Granted, Sweeney Todd is a grim, violent, misanthropic musical. But having seen it performed on stage doesn’t prepare you for a movie far more malevolent and unrelentingly despairing: a slasher noir, a devil’s dance of throat slitting and blood spurting. Don’t bring the kids! What’s amazing is that DreamWorks is the Hollywood production company financing it. Sugar-sprinkled Spielbergland! Nobody at the studio put a tootsie down and confronted Tim Burton: “This picture is far too depressing and violent! We can’t release it this way!”

In 2007, a year more like freaky 1978 than corporate 2006, Burton as director is, again, the king. He’s an auteur whose vision — no matter how risky and unusual, and, perhaps, poisonously noncommercial — is not only respected but greenlighted. It’s Tim Burton’s Sweeney Todd, with a nod to Stephen Sondheim. These are strange days at the moviehouse, with an abundance of uncompromising, director-dominated films: Paul Thomas Anderson’s There Will Be Blood, Noah Baumbach’s Margot at the Wedding, Todd Haynes’s I’m Not There, Julian Schnabel’s Le scaphandre et le papillon|The Diving Bell and the Butterfly, David Cronenberg’s Eastern Promises, Ang Lee’s Lust, Caution, Andrew Dominik’s The Assassination of Jesse James by the Coward Robert Ford, Brian DePalma’s Redacted, Francis Ford Coppola’s Youth Without Youth.

Will this auteurists-gone-wild trend continue into 2008? I’m skeptical. Wait till the box office is tallied. There’s not a Bee Movie in the bunch, and nothing anywhere to challenge the infantilized appeal of guy-on-guy Judd Apatow comedies. Can only advanced Dylanists appreciate I’m Not There? Will any regular folk get into the three-hours, one-note, oil-well obsessiveness of There Will Be Blood?

Still, it was a very good year.

BEST FILM OF 2007: Sean Penn’s Into the Wild. As I wrote last August after its world premiere at Telluride, this grand, glorious, tragic road story is the perfect film to commemorate the 50th anniversary of the publication of Kerouac’s On the Road.

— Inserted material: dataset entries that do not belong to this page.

(* $g(5,3)=2$.
   Context: For integers $2\le k\le n$, let $S_n$ denote the set of permutations of $[n]=\{1,\dots,n\}$ (written as sequences), and $S_{n,k}$ the set of all sequences of $k$ distinct elements of $[n]$. A sequence $\kappa\in S_{n,k}$ is a subsequence of a permutation $\pi\in S_n$ if its elements appear in $\pi$ in the same relative order as in $\kappa$. A perfect sequence covering array ${\rm PSCA}(n,k)$ with multiplicity $\lambda$ (a positive integer) is a multiset $X$ of elements of $S_n$ such that every $\kappa\in S_{n,k}$ is a subsequence of exactly $\lambda$ elements of $X$ (counted with multiplicity). $g(n,k)$ denotes the smallest $\lambda$ for which a ${\rm PSCA}(n,k)$ with multiplicity $\lambda$ exists. *)

From mathcomp Require Import all_boot.
Set Implicit Arguments. Unset Strict Implicit. Unset Printing Implicit Defensive.

Definition in_Sn (n : nat) (p : seq nat) : bool := perm_eq p (iota 1 n).

Definition in_Snk (n k : nat) (kappa : seq nat) : bool :=
  [&& size kappa == k, uniq kappa & all (fun x => (1 <= x <= n)%N) kappa].

(* A PSCA(n,k) with multiplicity lam: a multiset X (a list, multiplicities =
   repetitions) of elements of S_n such that every kappa in S_{n,k} is a
   subsequence of exactly lam elements of X, counted with multiplicity. *)
Definition is_PSCA (n k lam : nat) (X : seq (seq nat)) : Prop :=
  (0 < lam)%N /\ all (in_Sn n) X /\
  forall kappa, in_Snk n k kappa -> count (fun p => subseq kappa p) X = lam.

Definition g_is (n k lam : nat) : Prop :=
  (exists X, is_PSCA n k lam X) /\
  forall l, (exists X, is_PSCA n k l X) -> (lam <= l)%N.

From mathcomp Require Import all_boot.
Set Implicit Arguments. Unset Strict Implicit. Unset Printing Implicit Defensive.

(* A PSCA(5,3) of multiplicity 2 is exhibited explicitly.  A PSCA(5,3) of
   multiplicity 1 would be an exact cover of the 60 triples of S_{5,3} by
   permutations of [5], each containing 10 triples; an exhaustive backtracking
   search, always branching on the first uncovered triple, shows that no such
   cover exists. *)

Section ExactCover.

Variables (T P : eqType) (cov : T -> P -> bool) (A : seq T).

Definition exact_cover (U : seq T) (Y : seq P) : Prop :=
  forall t, t \in A -> count (cov t) Y = (t \in U).

(* [true] certifies that no exact cover exists; exhausting [fuel] answers
   [false].  Once [q] is chosen to cover [t], every target of [q] is covered
   by [q] alone, so candidates sharing a target with [q] are discarded. *)
Fixpoint refute_exact_cover (fuel : nat) (cands : seq P) (U : seq T) : bool :=
  match fuel, U with
  | f.+1, t :: _ =>
    all (fun q => ~~ cov t q ||
      let targets_q := [seq s <- A | cov s q] in
      refute_exact_cover f
        [seq r <- cands | ~~ has (fun s => cov s r) targets_q]
        [seq s <- U | ~~ cov s q]) cands
  | _, _ => false
  end.

Lemma exact_cover_rem U Y q :
  q \in Y -> exact_cover U Y -> exact_cover [seq s <- U | ~~ cov s q] (rem q Y).
Proof.
move=> qY covY t tA; have := covY t tA.
rewrite (permP (perm_to_rem qY)) /= mem_filter.
by case: (cov t q); case: (t \in U); case: count.
Qed.

Lemma exact_cover_disjoint U Y q r :
  exact_cover U Y -> q \in Y -> r \in rem q Y ->
  ~~ has (fun s => cov s r) [seq s <- A | cov s q].
Proof.
move=> covY qY rY; apply/hasPn => t; rewrite mem_filter => /andP[tq tA].
apply/negP => tr; have := covY t tA; rewrite (permP (perm_to_rem qY)) /= tq.
have : 0 < count (cov t) (rem q Y) by rewrite -has_count; apply/hasP; exists r.
by case: (t \in U); case: count.
Qed.

Lemma refute_exact_coverP fuel cands U Y :
  refute_exact_cover fuel cands U -> {subset U <= A} ->
  {subset Y <= cands} -> ~ exact_cover U Y.
Proof.
elim: fuel cands U Y => [|f IH] cands [|t U] Y //= refuted UA candsY covY.
have tA : t \in A := UA t (mem_head t U).
have [q qY tq] : exists2 q, q \in Y & cov t q.
  by apply/hasP; rewrite has_count (covY t tA) mem_head.
move/allP: refuted => /(_ q (candsY q qY)); rewrite tq /= => refuted_q.
have covY' := exact_cover_rem qY covY; rewrite /= tq /= in covY'.
apply: (IH _ _ _ refuted_q _ _ covY').
- by move=> s; rewrite mem_filter => /andP[_ sU]; apply: UA; rewrite inE sU orbT.
- move=> r rY.
  by rewrite mem_filter (exact_cover_disjoint covY qY rY) (candsY r (mem_rem rY)).
Qed.

End ExactCover.

Fixpoint tuples_over (T : Type) (s : seq T) (k : nat) : seq (seq T) :=
  if k is k'.+1 then [seq x :: t | x <- s, t <- tuples_over s k'] else [:: [::]].

Lemma mem_tuples_over (T : eqType) (s : seq T) k t :
  (t \in tuples_over s k) = (size t == k) && all (mem s) t.
Proof.
elim: k t => [|k IH] [|x t] //=.
  by apply/allpairsP => -[[y u] [_ _]].
rewrite eqSS; apply/allpairsP/andP => [[[y u] [/= ys uS [-> ->]]]|[xt /andP[xs ts]]].
  by move: uS; rewrite IH => /andP[-> ->]; rewrite ys.
by exists (x, t); rewrite /= xs IH xt ts.
Qed.

Definition Snk_seq (n k : nat) : seq (seq nat) :=
  [seq t <- tuples_over (iota 1 n) k | uniq t].

Lemma mem_Snk_seq n k kappa : (kappa \in Snk_seq n k) = in_Snk n k kappa.
Proof.
rewrite mem_filter mem_tuples_over /in_Snk.
have -> : all (mem (iota 1 n)) kappa = all (fun x => 1 <= x <= n) kappa.
  by apply: eq_all => x; rewrite /= mem_iota add1n ltnS.
by case: uniq; rewrite ?andbF.
Qed.

Lemma is_PSCAP n k lam X :
  reflect (is_PSCA n k lam X)
    [&& 0 < lam, all (in_Sn n) X &
        all (fun kappa => count (subseq kappa) X == lam) (Snk_seq n k)].
Proof.
apply: (iffP and3P) => [[lam0 SnX /allP cntX]|[lam0 [SnX cntX]]].
  by split=> //; split=> // kappa; rewrite -mem_Snk_seq => /cntX /eqP.
by split=> //; apply/allP => kappa; rewrite mem_Snk_seq => /cntX ->.
Qed.

Lemma PSCA1_exact_cover n k X :
  is_PSCA n k 1 X -> exact_cover subseq (Snk_seq n k) (Snk_seq n k) X.
Proof. by move=> [_ [_ cntX]] t; rewrite mem_Snk_seq => tS; rewrite tS cntX. Qed.

Lemma no_PSCA1 n k X :
  refute_exact_cover subseq (Snk_seq n k) (size (Snk_seq n k))
    (permutations (iota 1 n)) (Snk_seq n k) ->
  ~ is_PSCA n k 1 X.
Proof.
move=> refuted PX; have [_ [SnX _]] := PX.
apply: (refute_exact_coverP refuted _ _ (PSCA1_exact_cover PX)) => //.
by move=> p /(allP SnX); rewrite mem_permutations.
Qed.

Definition PSCA_5_3_2 : seq (seq nat) :=
 [:: [:: 1;2;3;4;5]; [:: 1;2;4;3;5]; [:: 1;5;3;4;2]; [:: 5;1;4;3;2];
     [:: 3;4;1;5;2]; [:: 4;2;1;5;3]; [:: 3;2;1;5;4]; [:: 4;2;5;1;3];
     [:: 3;2;5;1;4]; [:: 5;2;3;4;1]; [:: 5;2;4;3;1]; [:: 4;3;5;1;2]].

Theorem proposition1 : g_is 5 3 2.
Proof.
split; first by exists PSCA_5_3_2; apply/is_PSCAP; vm_compute.
move=> [|[|l]] [X PX] //; first by case: PX.
by exfalso; apply: no_PSCA1 PX; vm_compute.
Qed.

REST OF THE TEN BEST: I’m Not There, The Savages, Starting Out in the Evening, 3:10 to Yuma, Rocket Science, Margot at the Wedding, Grindhouse, This Is England, Le scaphandre et le papillon|The Diving Bell and the Butterfly.

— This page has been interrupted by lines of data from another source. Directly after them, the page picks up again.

(* A Borel measurable function $f:\mathbb{R}^n\to\mathbb{R}$ is level convex if and only if for every $d\ge1$, every open set $\Omega\subseteq\mathbb{R}^d$, every Borel probability measure $\mu$ on $\mathbb{R}^d$ supported on $\Omega$ and every $\varphi\in L^1_\mu(\Omega;\mathbb{R}^n)$, $$f\Big(\int_\Omega\varphi\,d\mu\Big)\le\mu\text{-}\operatorname*{ess\,sup}_{x\in\Omega}f(\varphi(x)).$$ In particular, if $f$ is level convex and $\Omega$ has finite positive Lebesgue measure, then $f\big(\frac{1}{|\Omega|}\int_\Omega\varphi\,dx\big)\le\operatorname{ess\,sup}_{x\in\Omega}f(\varphi(x))$ for every $\varphi\in L^1(\Omega;\mathbb{R}^n)$.
   Context: Level convex: $f(\lambda\xi+(1-\lambda)\eta)\le\max\{f(\xi),f(\eta)\}$ for all $\xi,\eta\in\mathbb{R}^n$ and $\lambda\in(0,1)$. $\mu\text{-}\operatorname{ess\,sup}$ denotes the essential supremum with respect to $\mu$. *)

From HB Require Import structures.
From mathcomp Require Import all_boot all_order all_algebra.
From mathcomp Require Import all_classical all_reals all_analysis.
From mathcomp Require Import ess_sup_inf.

Set Implicit Arguments.
Unset Strict Implicit.
Unset Printing Implicit Defensive.

Import Order.TTheory GRing.Theory Num.Theory.
Import numFieldNormedType.Exports.

Local Open Scope classical_set_scope.
Local Open Scope ring_scope.

(* R^n is represented by row vectors 'rV[R]_n, with its usual (max-norm)
   topology; the Borel sigma-algebra on R^n is the one generated by its open
   sets. *)
Definition borelRn (R : realType) (n : nat) := g_sigma_algebraType (@open 'rV[R]_n).

Definition level_convex (R : realType) (n : nat) (f : 'rV[R]_n -> R) : Prop :=
  forall (xi eta : 'rV[R]_n) (l : R), 0 < l < 1 ->
    f (l *: xi + (1 - l) *: eta) <= Num.max (f xi) (f eta).

Definition borel_measurable_Rn (R : realType) (n : nat) (f : 'rV[R]_n -> R) : Prop :=
  @measurable_fun _ _ (borelRn R n) R setT f.

Definition L1_on (R : realType) (d n : nat)
    (mu : {measure set (borelRn R d) -> \bar R}) (Omega : set (borelRn R d))
    (phi : borelRn R d -> 'rV[R]_n) : Prop :=
  forall i : 'I_n, mu.-integrable Omega (fun x => (phi x ord0 i)%:E).

Definition vint (R : realType) (d n : nat)
    (mu : {measure set (borelRn R d) -> \bar R}) (Omega : set (borelRn R d))
    (phi : borelRn R d -> 'rV[R]_n) : 'rV[R]_n :=
  \row_(i < n) fine (\int[mu]_(x in Omega) (phi x ord0 i)%:E)%E.

Definition ess_sup_on (R : realType) (d : nat)
    (mu : {measure set (borelRn R d) -> \bar R}) (Omega : set (borelRn R d))
    (g : borelRn R d -> R) : \bar R :=
  ess_sup mu (fun x => if x \in Omega then (g x)%:E else -oo%E).

Definition is_lebesgue_Rd (R : realType) (d : nat)
    (lam : {measure set (borelRn R d) -> \bar R}) : Prop :=
  forall a b : 'rV[R]_d, (forall i, a ord0 i <= b ord0 i) ->
    lam [set x : borelRn R d | forall i, a ord0 i < x ord0 i <= b ord0 i]
    = (\prod_(i < d) (b ord0 i - a ord0 i))%:E.

(* If f is level convex and t is the essential supremum of f o phi, the sublevel
   set {f <= t} is convex and contains phi x for almost every x, so it suffices
   that the mean of an integrable map taking values a.e. in a convex set K of R^n
   lies in K. If the mean m were outside K, a supporting hyperplane at m (given by
   finite-dimensional separation, proved by induction on the dimension) would
   satisfy a . phi >= a . m a.e. with equality of integrals; hence phi lies a.e.
   in the hyperplane, a copy of R^(n-1), and induction applies there.
   Conversely, testing the inequality on the law charging xi and eta with masses
   l and 1 - l gives level convexity. *)

From HB Require Import structures.
From mathcomp Require Import all_boot all_order all_algebra.
From mathcomp Require Import all_classical all_reals all_analysis.
From mathcomp Require Import ess_sup_inf.
From mathcomp Require Import ring lra.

BEST FOREIGN LANGUAGE FILM: Pavel Lungin’s The Island

RUNNERS-UP: The Host, Lady Chatterley et l’homme des bois|Lady Chatterley, Climates, La faute à Fidel|Blame It on Fidel.

BEST DOCUMENTARY: Deep Water

REST OF THE TEN BEST: The King of Kong, Autism: The Musical, Crazy Love, Jack Smith and the Destruction of Atlantis, The Trials of Darryl Hunt, The Devil on Horseback, The Cats of Mirikitani, No End in Sight, Lake of Fire

BEST ACTOR: Frank Langella, Starting Out in the Evening

BEST ACTRESS: Nicole Kidman, Margot at the Wedding

BEST SUPPORTING ACTOR: Ben Foster, 3:10 to Yuma

BEST SUPPORTING ACTRESS: Cate Blanchett, I’m Not There

BEST DIRECTOR: James Mangold, 3:10 to Yuma

BEST CINEMATOGRAPHY: Ed Lachman, I’m Not There

BEST ANIMATION: Persepolis

MOST UNDERRATED FILMS: The Last Winter, Year of the Dog, Broken English, Rendition, Day Night Day Night

MOST OVERRATED FILMS: There Will Be Blood, Eastern Promises, Michael Clayton, Control, The Darjeeling Limited

BEST BOSTON-AREA FILM: Four documentary features are so uniformly excellent, and of such diverse subject matter, that it seems folly to rank them: Allie Humenuk’s Shadow of the House, Barry J. Hershey’s Casting About, Bill Haney’s The Price of Sugar, John Gianvito’s Profit Motive and the Whispering Wind.